--- Requirement ---
Below are entries. Copy exactly the lines running from the line that holds "(forall n, effect (mu n)) ->" to the line that holds "((size p).-1 <= \sum_(x", with both ends included.

--- Available records ---
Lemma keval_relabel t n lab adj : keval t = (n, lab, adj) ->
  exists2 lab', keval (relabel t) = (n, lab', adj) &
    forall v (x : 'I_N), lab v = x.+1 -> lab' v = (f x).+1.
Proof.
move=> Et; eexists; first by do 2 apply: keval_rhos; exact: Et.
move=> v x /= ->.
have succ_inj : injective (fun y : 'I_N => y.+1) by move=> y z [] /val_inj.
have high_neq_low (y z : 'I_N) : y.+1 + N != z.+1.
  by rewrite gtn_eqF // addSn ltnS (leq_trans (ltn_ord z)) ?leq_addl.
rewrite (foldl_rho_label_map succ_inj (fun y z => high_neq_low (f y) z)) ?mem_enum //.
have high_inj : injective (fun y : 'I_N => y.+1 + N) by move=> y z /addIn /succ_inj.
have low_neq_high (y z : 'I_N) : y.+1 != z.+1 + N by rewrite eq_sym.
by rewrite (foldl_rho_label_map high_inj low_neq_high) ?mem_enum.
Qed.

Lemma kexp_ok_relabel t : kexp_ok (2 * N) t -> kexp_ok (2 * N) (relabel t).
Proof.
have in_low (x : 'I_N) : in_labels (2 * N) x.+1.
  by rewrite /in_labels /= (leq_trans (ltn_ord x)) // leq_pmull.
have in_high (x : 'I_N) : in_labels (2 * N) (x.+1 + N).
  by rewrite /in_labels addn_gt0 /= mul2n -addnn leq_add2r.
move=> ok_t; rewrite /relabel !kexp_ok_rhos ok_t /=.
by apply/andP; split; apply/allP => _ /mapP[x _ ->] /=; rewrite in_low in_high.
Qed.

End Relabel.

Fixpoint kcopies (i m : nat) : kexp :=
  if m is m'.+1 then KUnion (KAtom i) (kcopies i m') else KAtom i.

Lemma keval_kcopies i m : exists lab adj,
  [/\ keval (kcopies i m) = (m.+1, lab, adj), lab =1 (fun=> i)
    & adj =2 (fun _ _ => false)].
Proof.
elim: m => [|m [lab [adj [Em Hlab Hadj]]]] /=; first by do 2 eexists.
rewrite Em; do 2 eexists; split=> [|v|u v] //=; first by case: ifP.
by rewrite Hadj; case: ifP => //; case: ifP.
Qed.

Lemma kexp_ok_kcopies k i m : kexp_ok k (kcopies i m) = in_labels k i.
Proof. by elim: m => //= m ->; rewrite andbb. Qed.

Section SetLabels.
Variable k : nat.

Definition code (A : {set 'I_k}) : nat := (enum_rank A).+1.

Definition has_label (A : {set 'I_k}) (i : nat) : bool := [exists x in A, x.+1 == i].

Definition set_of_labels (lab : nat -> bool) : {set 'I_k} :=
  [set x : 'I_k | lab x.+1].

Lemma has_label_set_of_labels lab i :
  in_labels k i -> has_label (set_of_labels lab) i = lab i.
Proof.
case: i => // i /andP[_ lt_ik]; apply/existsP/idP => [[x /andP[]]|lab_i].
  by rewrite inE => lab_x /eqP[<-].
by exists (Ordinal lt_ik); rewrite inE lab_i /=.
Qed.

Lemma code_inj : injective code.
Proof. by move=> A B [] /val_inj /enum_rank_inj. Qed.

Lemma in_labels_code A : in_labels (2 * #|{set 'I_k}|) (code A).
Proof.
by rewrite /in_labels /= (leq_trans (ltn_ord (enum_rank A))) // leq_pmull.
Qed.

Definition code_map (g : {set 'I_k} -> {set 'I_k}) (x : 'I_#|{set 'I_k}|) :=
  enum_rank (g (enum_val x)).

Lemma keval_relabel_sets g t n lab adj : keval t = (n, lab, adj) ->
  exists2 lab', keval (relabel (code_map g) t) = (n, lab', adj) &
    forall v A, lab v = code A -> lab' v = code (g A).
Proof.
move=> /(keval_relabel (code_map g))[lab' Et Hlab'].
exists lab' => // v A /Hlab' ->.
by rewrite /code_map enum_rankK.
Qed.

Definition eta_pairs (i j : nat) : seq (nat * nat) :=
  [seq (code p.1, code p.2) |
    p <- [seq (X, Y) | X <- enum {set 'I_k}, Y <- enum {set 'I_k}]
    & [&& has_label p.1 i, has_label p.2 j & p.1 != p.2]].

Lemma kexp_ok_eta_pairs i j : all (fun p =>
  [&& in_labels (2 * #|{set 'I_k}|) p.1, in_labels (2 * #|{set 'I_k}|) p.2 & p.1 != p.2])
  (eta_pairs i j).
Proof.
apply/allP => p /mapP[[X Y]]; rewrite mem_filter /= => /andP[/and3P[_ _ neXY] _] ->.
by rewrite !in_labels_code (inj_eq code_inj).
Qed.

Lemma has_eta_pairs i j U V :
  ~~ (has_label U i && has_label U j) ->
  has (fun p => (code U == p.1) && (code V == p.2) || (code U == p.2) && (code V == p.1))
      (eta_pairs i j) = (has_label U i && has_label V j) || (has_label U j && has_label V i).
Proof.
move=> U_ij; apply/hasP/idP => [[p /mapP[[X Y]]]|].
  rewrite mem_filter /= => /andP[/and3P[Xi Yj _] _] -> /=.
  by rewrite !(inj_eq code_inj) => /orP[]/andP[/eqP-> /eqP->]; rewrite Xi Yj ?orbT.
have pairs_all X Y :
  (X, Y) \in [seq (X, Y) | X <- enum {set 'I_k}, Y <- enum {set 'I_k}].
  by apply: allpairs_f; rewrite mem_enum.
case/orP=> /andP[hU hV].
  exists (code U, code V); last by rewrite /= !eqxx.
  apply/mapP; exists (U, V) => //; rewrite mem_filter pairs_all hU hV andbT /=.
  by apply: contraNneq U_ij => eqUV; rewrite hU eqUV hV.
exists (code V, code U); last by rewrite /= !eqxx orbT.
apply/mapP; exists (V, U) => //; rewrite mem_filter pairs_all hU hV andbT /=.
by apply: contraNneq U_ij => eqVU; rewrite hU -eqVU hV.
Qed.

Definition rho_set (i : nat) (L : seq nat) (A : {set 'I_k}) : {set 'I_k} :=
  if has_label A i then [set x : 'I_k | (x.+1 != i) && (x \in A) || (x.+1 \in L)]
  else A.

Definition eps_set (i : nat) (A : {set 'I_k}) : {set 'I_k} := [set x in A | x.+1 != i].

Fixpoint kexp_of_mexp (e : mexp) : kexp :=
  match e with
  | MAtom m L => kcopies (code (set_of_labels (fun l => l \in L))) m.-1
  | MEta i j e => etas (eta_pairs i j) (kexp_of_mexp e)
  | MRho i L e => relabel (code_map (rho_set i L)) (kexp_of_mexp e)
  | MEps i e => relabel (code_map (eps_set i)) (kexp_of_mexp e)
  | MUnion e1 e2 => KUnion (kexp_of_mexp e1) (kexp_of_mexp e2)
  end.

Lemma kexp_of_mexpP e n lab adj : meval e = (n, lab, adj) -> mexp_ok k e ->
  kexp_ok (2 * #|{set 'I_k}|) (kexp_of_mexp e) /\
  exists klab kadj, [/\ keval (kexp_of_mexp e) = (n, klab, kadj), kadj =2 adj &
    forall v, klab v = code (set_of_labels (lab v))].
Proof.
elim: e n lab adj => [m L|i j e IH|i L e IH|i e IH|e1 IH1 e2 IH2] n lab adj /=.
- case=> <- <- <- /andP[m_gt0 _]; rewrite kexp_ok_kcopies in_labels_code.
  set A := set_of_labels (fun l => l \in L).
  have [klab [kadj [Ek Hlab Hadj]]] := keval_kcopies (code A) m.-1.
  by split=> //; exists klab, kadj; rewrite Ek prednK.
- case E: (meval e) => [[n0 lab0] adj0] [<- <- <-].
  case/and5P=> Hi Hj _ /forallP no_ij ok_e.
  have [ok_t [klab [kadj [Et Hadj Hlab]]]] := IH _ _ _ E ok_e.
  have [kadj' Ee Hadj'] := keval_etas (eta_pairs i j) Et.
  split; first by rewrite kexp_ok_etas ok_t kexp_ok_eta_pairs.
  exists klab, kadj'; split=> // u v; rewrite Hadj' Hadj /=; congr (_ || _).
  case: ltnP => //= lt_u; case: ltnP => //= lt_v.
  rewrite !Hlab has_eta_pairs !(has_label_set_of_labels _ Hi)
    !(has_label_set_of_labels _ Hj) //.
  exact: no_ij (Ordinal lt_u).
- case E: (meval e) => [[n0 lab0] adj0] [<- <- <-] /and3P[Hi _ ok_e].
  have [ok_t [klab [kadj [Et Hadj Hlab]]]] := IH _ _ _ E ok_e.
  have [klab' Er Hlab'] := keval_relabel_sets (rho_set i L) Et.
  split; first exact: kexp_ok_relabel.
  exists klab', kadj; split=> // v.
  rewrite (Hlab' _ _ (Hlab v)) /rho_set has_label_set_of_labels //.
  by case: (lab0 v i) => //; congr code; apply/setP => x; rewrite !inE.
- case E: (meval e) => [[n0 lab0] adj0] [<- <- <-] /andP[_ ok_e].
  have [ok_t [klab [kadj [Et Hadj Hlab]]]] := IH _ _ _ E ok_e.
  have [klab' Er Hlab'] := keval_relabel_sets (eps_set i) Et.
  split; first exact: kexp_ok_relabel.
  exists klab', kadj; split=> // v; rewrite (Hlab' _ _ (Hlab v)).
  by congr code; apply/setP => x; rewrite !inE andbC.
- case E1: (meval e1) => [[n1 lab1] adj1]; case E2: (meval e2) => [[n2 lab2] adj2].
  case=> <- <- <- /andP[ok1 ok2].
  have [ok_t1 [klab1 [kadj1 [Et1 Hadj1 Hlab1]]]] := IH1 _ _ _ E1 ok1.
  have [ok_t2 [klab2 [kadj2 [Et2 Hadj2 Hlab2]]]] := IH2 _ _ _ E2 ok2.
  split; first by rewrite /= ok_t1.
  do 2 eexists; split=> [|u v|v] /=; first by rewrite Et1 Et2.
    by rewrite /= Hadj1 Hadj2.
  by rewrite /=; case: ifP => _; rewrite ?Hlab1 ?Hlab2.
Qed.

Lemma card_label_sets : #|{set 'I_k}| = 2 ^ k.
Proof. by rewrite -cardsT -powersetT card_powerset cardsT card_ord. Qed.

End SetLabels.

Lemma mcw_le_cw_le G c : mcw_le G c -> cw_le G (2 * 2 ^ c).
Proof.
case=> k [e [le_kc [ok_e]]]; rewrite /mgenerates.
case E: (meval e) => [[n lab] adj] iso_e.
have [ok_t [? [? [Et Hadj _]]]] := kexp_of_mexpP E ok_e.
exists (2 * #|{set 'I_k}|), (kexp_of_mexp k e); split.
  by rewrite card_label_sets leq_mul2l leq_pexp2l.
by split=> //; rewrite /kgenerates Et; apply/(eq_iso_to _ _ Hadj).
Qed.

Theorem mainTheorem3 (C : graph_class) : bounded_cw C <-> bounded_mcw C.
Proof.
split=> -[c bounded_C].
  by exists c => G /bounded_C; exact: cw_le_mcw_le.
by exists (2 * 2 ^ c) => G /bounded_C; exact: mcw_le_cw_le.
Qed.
--
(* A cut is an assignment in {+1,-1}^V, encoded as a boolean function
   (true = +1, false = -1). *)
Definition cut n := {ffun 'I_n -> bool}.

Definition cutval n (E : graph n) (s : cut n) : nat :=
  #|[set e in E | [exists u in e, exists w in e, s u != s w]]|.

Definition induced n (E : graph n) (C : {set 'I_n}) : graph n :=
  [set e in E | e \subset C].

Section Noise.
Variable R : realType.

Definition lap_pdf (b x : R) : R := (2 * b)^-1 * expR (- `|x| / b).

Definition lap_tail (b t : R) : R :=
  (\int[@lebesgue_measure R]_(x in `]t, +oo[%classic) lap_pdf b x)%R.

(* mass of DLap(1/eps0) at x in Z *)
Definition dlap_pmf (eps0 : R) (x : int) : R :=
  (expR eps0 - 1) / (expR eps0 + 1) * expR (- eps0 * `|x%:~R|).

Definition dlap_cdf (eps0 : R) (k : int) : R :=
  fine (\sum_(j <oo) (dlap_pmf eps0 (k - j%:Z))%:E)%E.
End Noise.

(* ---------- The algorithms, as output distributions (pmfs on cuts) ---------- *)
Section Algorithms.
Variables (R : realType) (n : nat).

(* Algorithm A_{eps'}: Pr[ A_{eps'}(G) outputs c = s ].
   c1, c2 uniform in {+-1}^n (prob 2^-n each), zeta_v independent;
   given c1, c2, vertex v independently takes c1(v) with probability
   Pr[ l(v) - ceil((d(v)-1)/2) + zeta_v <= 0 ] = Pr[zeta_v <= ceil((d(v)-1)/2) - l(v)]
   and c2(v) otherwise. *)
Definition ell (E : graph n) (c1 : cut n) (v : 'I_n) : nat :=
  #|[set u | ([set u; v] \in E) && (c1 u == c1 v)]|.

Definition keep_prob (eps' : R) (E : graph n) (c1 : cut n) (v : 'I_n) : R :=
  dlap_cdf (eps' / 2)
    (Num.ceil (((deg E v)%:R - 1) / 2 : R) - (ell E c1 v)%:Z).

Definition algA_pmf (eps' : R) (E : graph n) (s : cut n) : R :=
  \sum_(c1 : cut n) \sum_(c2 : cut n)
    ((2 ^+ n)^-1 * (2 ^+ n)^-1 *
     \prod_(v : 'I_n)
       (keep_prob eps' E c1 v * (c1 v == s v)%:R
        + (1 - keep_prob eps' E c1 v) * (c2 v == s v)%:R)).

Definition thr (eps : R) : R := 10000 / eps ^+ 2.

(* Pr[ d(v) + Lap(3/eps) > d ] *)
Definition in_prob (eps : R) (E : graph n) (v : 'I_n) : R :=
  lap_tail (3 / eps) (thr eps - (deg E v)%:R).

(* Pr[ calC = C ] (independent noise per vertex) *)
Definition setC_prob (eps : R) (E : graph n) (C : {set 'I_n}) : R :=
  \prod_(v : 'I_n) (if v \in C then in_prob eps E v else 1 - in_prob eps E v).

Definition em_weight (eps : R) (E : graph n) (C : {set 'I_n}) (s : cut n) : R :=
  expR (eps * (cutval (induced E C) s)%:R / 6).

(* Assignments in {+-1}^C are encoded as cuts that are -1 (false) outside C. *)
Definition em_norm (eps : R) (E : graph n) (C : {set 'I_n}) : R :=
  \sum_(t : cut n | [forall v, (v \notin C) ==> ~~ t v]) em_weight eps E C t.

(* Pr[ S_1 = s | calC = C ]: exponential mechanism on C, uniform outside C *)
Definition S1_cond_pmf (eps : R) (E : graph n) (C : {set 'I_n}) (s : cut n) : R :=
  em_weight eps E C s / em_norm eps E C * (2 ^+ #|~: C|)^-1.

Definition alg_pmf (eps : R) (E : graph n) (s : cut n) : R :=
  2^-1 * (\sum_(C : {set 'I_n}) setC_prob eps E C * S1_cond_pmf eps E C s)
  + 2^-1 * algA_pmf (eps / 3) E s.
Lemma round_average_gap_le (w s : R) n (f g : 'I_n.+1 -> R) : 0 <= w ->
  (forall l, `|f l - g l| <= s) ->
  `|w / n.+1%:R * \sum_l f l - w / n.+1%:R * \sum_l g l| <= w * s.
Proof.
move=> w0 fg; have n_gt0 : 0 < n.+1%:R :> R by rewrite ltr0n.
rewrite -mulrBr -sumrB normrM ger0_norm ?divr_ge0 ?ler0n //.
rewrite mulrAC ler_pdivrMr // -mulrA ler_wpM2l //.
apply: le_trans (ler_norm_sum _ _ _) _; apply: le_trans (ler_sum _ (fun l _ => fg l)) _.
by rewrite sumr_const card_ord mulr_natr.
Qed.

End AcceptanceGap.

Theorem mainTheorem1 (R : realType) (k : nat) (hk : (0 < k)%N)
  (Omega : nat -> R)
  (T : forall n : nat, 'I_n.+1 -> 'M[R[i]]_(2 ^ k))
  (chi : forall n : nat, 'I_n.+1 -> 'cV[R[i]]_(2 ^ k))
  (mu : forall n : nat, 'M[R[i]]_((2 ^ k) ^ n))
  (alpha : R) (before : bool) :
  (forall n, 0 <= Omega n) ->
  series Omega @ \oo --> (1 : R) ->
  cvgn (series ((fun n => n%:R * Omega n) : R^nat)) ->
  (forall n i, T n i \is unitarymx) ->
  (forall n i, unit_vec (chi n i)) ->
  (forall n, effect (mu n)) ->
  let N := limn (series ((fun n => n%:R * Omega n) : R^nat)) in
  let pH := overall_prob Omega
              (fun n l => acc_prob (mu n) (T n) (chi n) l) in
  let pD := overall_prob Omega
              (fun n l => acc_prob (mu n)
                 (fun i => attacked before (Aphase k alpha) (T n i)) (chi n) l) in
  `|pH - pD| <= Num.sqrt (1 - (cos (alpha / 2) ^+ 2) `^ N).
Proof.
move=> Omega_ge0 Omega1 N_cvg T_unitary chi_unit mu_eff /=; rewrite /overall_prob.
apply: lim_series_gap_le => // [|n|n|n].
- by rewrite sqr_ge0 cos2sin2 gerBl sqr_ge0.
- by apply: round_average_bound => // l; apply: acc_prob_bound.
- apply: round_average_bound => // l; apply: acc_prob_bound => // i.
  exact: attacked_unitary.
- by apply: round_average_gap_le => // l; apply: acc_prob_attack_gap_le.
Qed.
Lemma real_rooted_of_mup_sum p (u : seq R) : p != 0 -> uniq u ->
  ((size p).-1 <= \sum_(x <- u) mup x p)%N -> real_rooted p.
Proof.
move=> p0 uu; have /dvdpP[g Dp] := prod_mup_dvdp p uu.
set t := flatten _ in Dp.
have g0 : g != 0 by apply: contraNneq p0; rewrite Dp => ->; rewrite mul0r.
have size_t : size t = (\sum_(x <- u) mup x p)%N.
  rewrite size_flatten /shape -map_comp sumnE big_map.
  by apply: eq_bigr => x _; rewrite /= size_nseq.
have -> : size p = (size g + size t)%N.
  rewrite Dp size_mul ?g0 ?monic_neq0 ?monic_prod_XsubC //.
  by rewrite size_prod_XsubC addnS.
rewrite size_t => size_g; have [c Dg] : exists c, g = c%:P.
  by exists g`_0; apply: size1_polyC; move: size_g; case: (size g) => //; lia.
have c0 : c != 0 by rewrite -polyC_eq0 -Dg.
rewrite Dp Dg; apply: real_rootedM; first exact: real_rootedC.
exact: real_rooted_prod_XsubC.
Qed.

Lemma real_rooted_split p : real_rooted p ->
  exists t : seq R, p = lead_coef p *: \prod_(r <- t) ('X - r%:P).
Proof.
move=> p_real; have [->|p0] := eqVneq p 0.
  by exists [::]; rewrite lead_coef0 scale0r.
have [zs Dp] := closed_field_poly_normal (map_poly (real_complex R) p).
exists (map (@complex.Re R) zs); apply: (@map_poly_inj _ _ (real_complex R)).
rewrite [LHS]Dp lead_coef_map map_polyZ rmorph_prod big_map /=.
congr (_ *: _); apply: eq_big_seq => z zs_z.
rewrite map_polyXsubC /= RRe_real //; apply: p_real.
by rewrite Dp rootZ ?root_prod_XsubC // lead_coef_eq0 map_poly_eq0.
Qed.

--- Expected answer ---
  (forall n, effect (mu n)) ->
  let N := limn (series ((fun n => n%:R * Omega n) : R^nat)) in
  let pH := overall_prob Omega
              (fun n l => acc_prob (mu n) (T n) (chi n) l) in
  let pD := overall_prob Omega
              (fun n l => acc_prob (mu n)
                 (fun i => attacked before (Aphase k alpha) (T n i)) (chi n) l) in
  `|pH - pD| <= Num.sqrt (1 - (cos (alpha / 2) ^+ 2) `^ N).
Proof.
move=> Omega_ge0 Omega1 N_cvg T_unitary chi_unit mu_eff /=; rewrite /overall_prob.
apply: lim_series_gap_le => // [|n|n|n].
- by rewrite sqr_ge0 cos2sin2 gerBl sqr_ge0.
- by apply: round_average_bound => // l; apply: acc_prob_bound.
- apply: round_average_bound => // l; apply: acc_prob_bound => // i.
  exact: attacked_unitary.
- by apply: round_average_gap_le => // l; apply: acc_prob_attack_gap_le.
Qed.
Lemma real_rooted_of_mup_sum p (u : seq R) : p != 0 -> uniq u ->
  ((size p).-1 <= \sum_(x <- u) mup x p)%N -> real_rooted p.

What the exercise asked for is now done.